**What to produce**
Below are the records; collect from them each line containing the string "that".

Dataset content START

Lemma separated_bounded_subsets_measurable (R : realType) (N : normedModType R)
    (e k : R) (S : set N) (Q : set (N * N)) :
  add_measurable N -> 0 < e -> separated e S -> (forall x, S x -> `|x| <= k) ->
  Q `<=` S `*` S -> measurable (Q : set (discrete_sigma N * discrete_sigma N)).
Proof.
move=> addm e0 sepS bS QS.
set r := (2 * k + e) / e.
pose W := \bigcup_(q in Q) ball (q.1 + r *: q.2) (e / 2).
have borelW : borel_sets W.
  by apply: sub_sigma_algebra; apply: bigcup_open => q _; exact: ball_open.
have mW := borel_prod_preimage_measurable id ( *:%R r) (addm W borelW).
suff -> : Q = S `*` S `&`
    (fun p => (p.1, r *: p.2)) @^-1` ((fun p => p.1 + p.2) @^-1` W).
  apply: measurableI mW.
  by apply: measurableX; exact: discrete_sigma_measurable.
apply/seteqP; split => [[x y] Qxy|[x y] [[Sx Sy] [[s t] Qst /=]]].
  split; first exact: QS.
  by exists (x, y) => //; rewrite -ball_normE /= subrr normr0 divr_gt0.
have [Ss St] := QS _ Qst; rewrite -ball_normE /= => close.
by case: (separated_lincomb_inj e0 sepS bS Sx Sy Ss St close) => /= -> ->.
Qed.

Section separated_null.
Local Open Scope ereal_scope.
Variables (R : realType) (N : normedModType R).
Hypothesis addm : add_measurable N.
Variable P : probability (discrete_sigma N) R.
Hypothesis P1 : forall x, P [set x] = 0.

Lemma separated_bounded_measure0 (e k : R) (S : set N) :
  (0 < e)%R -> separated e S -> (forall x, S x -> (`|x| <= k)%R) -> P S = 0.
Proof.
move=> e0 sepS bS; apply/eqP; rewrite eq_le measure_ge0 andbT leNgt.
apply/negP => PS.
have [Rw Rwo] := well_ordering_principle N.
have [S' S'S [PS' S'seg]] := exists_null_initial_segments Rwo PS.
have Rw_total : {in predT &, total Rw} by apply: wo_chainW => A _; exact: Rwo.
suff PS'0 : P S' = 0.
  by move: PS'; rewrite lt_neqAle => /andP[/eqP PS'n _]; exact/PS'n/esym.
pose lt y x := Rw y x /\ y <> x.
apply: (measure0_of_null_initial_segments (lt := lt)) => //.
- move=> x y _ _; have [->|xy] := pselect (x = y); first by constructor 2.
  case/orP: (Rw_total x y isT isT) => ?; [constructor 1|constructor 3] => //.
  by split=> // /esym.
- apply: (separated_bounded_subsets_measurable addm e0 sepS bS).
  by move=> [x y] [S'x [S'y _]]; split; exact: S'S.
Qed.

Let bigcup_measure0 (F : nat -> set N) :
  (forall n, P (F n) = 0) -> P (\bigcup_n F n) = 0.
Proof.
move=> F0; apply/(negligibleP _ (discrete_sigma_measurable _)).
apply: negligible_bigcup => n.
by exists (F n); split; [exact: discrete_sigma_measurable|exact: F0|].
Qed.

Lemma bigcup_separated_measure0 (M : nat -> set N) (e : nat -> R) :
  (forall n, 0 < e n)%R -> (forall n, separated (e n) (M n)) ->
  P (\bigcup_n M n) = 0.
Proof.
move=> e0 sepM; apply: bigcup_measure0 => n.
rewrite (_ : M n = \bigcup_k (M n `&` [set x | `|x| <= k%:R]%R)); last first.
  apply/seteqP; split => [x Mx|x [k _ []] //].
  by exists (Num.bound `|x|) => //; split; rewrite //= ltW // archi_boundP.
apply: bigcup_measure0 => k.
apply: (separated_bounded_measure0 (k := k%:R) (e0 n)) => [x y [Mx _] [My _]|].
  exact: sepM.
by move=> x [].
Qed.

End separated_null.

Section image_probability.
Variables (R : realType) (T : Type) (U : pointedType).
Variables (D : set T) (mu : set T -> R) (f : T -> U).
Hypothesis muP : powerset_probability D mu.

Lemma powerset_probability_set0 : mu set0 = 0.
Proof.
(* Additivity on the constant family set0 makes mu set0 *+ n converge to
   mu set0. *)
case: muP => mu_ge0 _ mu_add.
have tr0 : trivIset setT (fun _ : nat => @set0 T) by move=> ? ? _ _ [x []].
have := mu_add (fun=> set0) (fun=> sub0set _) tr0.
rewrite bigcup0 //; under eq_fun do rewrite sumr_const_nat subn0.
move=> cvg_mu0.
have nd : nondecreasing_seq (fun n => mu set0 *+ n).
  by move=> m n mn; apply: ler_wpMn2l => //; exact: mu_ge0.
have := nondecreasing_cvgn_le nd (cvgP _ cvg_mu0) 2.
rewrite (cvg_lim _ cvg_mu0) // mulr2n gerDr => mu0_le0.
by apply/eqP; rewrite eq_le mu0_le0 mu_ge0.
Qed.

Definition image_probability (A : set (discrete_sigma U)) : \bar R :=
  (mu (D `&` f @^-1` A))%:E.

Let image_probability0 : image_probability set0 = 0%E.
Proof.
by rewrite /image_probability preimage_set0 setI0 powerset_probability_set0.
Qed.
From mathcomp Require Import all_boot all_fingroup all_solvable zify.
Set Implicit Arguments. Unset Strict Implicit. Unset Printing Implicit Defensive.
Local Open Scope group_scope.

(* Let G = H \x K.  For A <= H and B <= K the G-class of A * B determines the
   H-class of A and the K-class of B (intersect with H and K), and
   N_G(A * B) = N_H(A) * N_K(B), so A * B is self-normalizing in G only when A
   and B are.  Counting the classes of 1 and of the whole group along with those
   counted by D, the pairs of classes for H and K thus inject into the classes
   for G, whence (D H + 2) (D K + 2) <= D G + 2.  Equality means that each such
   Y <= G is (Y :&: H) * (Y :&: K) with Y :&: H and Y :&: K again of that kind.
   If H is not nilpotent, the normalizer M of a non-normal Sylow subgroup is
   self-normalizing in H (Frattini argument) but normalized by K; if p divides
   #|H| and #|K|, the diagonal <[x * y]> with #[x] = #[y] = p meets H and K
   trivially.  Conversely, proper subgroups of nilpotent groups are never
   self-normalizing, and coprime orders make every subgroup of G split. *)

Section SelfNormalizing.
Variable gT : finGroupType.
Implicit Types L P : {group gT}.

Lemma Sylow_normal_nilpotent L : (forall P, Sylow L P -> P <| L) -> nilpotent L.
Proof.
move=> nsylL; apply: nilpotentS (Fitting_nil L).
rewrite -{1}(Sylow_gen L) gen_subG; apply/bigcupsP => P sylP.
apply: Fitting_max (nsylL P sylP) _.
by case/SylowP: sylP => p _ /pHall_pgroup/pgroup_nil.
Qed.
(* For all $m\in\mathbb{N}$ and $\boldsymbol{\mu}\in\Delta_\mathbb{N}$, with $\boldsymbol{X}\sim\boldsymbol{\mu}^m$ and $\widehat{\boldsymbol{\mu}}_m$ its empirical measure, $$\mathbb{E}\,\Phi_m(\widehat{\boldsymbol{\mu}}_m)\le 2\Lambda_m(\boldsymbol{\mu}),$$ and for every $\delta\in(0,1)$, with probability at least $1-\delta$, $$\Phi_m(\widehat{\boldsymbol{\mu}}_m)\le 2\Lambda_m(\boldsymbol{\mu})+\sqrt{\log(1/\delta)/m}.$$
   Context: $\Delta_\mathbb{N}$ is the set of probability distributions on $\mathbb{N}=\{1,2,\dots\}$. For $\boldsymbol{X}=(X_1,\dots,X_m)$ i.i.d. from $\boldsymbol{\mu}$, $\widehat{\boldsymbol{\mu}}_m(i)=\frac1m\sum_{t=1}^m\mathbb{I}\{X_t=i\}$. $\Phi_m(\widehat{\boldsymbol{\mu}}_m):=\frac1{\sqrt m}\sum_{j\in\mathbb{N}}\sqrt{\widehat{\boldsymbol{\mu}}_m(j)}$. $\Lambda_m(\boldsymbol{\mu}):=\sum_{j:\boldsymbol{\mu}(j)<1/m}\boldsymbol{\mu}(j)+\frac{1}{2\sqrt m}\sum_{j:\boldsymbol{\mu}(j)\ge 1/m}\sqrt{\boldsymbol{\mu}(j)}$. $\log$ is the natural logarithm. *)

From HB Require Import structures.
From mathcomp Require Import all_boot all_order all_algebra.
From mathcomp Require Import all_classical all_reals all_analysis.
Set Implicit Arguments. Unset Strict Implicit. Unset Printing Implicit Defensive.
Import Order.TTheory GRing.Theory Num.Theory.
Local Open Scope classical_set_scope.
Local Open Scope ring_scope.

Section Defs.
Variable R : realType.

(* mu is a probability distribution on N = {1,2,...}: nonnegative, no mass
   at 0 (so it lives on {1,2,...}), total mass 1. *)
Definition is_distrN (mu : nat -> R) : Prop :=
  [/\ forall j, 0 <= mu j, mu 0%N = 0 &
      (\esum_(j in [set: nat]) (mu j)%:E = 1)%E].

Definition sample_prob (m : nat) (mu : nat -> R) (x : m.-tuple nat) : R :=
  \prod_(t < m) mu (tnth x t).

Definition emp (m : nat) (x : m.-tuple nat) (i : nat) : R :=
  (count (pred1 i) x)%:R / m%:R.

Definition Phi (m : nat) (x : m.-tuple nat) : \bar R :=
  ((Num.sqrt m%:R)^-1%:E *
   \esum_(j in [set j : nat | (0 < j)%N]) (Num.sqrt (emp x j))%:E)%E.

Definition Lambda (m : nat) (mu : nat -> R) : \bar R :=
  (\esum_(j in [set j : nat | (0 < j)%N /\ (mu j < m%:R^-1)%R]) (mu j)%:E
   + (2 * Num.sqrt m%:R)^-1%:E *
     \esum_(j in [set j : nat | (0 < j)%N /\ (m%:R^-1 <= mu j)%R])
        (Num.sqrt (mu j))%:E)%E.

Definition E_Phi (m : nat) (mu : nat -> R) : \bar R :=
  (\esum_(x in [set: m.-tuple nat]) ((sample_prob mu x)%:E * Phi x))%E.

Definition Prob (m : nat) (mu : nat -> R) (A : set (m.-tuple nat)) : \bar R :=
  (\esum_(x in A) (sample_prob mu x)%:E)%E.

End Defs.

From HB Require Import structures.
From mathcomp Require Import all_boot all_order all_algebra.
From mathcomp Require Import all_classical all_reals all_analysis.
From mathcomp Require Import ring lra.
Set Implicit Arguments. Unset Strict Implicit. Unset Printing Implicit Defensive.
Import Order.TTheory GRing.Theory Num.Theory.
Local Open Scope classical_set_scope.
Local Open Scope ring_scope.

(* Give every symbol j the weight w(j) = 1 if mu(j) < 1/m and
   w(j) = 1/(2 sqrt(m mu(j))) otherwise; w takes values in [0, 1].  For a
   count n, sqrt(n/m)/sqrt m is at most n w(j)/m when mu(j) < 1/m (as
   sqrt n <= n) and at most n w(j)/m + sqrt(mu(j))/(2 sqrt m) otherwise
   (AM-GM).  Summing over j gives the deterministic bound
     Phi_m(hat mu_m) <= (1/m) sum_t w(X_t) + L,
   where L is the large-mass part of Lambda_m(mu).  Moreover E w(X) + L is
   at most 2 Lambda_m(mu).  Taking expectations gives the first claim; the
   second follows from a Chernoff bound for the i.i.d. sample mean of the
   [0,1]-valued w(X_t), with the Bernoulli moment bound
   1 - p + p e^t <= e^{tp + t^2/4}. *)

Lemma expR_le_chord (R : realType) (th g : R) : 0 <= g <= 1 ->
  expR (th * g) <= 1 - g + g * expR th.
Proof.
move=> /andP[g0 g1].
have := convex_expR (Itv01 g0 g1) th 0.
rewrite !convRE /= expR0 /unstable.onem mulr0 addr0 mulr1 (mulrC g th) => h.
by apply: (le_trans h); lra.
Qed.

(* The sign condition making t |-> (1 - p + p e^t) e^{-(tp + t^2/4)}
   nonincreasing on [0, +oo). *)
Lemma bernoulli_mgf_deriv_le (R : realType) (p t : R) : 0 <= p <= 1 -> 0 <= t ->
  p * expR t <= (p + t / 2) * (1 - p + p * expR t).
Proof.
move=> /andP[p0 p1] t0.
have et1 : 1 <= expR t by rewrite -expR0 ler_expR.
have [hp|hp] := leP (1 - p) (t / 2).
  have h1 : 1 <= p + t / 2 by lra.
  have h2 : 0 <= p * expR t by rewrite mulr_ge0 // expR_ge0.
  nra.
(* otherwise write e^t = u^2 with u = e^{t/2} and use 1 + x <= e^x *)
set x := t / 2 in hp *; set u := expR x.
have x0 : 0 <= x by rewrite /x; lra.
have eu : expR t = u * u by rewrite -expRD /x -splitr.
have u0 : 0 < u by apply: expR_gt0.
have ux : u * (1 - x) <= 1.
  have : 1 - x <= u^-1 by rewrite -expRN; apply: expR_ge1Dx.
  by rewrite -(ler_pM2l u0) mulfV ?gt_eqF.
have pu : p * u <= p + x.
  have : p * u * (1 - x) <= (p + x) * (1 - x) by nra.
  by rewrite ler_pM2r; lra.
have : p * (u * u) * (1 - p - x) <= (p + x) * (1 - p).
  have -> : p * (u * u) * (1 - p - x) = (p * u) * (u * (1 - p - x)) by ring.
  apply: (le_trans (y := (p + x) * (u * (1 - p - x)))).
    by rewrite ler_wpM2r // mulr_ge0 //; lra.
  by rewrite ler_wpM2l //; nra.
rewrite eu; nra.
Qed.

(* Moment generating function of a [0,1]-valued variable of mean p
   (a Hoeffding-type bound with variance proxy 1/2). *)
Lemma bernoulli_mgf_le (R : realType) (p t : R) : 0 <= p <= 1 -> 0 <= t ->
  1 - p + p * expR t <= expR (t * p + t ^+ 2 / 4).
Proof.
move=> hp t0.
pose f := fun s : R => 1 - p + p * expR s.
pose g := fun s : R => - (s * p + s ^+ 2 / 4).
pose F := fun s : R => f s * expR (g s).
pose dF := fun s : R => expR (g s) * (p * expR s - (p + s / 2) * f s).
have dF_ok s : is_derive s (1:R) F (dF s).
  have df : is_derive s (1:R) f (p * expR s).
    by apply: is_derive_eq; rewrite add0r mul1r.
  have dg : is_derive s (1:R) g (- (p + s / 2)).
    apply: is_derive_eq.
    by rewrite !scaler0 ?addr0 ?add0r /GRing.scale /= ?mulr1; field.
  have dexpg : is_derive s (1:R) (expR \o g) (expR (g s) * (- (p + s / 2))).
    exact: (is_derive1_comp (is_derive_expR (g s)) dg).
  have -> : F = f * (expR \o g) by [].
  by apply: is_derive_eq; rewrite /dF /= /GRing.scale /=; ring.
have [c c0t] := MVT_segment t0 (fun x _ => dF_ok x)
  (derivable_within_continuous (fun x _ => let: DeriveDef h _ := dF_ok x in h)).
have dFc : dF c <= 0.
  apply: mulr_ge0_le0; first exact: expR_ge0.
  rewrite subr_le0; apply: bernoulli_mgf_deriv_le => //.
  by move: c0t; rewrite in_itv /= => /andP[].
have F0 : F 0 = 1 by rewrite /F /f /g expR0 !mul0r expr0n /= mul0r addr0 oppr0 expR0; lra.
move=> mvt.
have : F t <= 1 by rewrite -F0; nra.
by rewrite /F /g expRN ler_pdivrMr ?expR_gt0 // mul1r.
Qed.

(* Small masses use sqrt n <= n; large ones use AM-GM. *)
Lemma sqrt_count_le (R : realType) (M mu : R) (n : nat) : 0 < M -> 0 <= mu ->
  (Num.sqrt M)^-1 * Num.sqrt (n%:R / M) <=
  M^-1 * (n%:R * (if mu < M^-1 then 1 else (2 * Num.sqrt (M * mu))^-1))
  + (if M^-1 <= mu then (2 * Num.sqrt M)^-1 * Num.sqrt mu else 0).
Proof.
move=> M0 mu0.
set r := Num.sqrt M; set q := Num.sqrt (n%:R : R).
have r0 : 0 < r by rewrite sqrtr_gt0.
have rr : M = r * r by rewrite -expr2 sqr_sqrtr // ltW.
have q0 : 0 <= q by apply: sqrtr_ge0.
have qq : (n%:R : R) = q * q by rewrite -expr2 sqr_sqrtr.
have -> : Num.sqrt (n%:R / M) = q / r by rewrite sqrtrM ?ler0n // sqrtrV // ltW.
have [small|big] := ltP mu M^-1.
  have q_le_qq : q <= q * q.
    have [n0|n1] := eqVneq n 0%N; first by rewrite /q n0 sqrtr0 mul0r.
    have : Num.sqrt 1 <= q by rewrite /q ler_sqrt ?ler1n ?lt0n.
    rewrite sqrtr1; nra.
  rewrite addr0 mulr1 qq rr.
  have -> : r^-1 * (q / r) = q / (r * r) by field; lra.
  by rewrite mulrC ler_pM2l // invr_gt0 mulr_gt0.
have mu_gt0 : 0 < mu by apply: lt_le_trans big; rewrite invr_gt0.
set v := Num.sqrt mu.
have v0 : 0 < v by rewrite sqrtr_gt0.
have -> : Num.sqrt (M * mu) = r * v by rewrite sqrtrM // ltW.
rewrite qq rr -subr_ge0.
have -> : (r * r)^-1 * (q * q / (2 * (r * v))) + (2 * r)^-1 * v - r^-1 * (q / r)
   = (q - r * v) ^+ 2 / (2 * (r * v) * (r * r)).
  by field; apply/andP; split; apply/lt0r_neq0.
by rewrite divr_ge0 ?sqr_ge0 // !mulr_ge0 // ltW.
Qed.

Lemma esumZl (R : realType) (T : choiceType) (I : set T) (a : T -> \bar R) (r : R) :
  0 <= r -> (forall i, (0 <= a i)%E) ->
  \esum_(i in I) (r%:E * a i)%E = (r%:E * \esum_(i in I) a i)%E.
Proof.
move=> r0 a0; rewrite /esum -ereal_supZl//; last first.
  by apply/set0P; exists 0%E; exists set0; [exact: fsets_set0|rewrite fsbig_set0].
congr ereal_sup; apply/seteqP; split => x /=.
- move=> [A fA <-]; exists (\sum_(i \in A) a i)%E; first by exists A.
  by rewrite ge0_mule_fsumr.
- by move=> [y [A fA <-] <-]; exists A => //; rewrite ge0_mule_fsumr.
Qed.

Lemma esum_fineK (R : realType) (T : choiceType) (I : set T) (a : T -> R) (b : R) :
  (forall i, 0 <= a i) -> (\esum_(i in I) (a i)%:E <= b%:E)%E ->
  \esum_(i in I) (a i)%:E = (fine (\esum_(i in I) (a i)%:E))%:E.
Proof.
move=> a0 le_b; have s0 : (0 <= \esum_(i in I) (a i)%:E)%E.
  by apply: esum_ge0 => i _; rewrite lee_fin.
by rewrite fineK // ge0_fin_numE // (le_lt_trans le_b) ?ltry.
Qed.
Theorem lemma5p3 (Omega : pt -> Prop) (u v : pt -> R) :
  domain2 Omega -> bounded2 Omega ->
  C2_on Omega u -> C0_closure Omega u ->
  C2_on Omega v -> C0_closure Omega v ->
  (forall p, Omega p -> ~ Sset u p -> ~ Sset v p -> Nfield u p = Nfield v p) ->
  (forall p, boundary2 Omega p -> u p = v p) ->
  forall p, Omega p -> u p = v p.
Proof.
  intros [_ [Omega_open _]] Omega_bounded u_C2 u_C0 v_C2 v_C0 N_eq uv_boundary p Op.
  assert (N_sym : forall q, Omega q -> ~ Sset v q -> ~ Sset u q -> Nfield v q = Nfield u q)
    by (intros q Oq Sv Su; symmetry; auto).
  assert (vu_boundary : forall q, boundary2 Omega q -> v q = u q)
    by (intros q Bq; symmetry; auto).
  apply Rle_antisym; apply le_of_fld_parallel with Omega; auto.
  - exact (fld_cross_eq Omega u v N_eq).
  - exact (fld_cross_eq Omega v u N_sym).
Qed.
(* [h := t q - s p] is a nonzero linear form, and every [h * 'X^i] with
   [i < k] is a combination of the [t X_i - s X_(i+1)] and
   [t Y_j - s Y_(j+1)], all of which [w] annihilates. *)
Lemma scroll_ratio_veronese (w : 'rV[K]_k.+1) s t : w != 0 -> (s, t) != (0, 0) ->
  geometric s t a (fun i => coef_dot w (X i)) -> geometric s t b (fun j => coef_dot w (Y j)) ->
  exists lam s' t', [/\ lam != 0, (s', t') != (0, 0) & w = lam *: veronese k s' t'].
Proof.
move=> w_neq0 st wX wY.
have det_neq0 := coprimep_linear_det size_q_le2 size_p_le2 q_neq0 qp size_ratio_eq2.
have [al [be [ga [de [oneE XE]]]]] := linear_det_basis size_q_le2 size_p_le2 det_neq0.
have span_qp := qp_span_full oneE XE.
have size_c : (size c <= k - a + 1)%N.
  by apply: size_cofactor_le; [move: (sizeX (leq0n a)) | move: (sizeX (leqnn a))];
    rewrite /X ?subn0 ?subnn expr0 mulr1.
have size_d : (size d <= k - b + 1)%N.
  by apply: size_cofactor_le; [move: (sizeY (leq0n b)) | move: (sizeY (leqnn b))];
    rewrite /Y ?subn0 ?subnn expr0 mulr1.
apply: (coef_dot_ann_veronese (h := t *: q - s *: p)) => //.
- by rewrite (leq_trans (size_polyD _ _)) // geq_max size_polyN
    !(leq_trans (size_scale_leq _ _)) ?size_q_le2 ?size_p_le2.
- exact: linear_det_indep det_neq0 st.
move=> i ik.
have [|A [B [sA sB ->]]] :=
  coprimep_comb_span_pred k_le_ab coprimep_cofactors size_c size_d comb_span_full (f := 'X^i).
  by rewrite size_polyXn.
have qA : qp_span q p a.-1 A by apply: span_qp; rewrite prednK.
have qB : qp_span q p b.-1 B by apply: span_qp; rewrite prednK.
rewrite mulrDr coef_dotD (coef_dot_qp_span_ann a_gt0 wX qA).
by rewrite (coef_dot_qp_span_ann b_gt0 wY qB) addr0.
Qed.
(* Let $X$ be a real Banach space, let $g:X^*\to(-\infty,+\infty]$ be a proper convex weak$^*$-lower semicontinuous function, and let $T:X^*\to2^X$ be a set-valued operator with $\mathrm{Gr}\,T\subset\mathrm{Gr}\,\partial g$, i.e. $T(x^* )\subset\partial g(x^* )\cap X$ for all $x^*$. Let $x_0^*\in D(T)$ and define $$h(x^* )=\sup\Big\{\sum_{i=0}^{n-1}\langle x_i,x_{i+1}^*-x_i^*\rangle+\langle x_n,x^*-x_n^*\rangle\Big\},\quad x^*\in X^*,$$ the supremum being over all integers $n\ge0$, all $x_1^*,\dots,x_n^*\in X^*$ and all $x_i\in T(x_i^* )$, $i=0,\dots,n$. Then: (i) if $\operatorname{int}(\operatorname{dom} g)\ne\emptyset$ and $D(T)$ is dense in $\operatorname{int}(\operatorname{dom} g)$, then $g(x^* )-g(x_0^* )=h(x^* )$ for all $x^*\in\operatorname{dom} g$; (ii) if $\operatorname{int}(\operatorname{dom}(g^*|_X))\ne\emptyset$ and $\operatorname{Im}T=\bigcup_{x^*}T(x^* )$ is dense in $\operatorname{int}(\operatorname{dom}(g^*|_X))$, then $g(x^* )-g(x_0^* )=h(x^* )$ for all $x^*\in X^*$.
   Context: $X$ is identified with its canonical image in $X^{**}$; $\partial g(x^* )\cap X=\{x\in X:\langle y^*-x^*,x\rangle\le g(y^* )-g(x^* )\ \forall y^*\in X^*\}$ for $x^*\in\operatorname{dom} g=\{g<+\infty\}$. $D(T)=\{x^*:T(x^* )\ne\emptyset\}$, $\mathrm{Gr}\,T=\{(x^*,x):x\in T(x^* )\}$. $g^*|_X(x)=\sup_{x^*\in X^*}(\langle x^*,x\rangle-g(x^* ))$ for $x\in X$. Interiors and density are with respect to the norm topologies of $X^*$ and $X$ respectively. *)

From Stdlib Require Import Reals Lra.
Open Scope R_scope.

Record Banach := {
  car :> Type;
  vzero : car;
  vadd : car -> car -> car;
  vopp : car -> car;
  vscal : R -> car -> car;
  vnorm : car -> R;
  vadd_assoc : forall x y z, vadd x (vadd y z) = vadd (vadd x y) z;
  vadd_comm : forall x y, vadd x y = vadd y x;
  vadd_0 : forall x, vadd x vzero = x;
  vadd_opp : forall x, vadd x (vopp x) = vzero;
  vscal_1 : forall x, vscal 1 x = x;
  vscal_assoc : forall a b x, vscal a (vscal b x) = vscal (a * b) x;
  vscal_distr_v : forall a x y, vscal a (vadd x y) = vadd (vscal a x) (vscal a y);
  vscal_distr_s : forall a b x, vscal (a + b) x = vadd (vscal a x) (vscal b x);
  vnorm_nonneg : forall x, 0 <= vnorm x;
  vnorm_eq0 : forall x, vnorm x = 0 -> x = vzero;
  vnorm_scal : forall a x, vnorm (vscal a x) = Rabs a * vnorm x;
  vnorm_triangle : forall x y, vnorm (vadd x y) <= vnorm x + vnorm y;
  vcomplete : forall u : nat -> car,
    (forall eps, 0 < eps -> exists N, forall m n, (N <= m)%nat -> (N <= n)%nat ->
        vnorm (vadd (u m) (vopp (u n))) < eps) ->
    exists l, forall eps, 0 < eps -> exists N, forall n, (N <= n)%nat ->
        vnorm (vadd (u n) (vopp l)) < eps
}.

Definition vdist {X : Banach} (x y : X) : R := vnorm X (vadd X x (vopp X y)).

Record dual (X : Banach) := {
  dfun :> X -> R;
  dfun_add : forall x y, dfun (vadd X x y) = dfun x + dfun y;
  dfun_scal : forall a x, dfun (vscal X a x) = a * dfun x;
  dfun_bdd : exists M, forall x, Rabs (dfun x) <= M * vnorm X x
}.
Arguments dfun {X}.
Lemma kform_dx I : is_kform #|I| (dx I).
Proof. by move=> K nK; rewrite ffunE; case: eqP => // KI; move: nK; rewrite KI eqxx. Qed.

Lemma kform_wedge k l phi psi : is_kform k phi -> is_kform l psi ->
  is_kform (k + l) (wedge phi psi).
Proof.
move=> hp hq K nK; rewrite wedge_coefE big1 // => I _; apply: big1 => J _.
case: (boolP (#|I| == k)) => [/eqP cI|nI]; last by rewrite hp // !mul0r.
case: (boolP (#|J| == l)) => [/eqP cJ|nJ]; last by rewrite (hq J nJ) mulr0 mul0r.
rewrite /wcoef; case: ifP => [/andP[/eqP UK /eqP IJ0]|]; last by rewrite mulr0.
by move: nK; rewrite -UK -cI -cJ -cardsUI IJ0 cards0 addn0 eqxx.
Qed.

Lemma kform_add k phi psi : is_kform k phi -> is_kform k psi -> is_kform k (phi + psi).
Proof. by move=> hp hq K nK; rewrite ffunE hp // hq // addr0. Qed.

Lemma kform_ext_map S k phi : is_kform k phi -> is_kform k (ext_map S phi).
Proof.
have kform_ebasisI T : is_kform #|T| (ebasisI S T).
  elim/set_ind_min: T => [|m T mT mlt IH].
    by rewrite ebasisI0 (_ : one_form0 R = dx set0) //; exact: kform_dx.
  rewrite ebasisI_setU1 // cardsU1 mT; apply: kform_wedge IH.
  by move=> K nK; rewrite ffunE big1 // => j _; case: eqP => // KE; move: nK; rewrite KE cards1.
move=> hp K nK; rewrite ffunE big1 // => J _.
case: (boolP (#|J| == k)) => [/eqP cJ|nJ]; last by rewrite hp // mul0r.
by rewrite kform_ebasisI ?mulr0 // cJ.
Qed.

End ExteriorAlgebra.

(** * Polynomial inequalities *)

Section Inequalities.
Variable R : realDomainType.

Dataset content END

**Task answer**
   for G, whence (D H + 2) (D K + 2) <= D G + 2.  Equality means that each such
   Y <= G is (Y :&: H) * (Y :&: K) with Y :&: H and Y :&: K again of that kind.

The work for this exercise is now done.